[Records supplied Boundary: Start]
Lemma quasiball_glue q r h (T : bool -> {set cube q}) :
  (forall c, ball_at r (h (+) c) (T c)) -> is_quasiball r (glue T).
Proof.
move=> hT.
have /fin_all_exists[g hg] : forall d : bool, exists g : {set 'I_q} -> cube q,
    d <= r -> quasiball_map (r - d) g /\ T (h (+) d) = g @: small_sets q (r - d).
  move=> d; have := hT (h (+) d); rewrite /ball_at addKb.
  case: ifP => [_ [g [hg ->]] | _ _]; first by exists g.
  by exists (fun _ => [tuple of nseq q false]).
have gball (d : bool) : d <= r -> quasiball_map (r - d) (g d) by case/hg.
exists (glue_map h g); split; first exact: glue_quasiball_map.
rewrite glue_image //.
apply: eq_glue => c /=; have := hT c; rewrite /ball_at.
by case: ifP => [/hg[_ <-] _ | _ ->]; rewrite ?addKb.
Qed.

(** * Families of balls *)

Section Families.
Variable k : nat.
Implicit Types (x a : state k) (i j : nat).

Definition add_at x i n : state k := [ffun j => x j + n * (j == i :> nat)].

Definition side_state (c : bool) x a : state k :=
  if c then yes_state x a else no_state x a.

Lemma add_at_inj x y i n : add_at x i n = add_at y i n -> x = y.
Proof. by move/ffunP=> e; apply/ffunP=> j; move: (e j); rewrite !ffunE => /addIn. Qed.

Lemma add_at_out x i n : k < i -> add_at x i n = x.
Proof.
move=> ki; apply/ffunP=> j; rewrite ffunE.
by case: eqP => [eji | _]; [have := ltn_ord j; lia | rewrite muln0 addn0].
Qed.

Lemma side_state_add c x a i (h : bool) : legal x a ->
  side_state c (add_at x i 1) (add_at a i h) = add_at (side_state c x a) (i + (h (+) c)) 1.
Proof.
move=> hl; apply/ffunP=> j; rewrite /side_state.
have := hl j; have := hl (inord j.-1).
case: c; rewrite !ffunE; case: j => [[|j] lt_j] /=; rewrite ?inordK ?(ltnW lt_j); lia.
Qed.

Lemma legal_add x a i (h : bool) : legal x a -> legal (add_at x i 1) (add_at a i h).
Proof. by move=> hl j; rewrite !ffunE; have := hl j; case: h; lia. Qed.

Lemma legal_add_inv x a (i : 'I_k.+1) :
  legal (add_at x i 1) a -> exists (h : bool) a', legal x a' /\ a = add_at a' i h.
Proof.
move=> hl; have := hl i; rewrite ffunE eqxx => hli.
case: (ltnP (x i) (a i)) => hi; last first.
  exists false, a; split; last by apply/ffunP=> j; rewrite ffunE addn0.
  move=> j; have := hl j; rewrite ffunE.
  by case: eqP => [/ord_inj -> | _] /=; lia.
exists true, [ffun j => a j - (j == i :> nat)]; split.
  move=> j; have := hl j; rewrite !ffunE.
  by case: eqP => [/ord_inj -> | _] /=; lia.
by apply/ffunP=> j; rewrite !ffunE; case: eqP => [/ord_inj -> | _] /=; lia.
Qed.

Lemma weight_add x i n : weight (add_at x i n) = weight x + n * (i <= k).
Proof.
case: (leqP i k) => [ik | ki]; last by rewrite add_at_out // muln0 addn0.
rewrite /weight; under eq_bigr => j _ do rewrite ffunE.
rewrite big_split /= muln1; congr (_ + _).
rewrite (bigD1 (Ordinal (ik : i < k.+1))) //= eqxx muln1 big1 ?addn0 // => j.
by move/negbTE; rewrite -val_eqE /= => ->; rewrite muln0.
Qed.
[Records supplied Boundary: End]
Requirement = Within the material above, find the lines that hold "case" and report only how many there are.

Your response = 11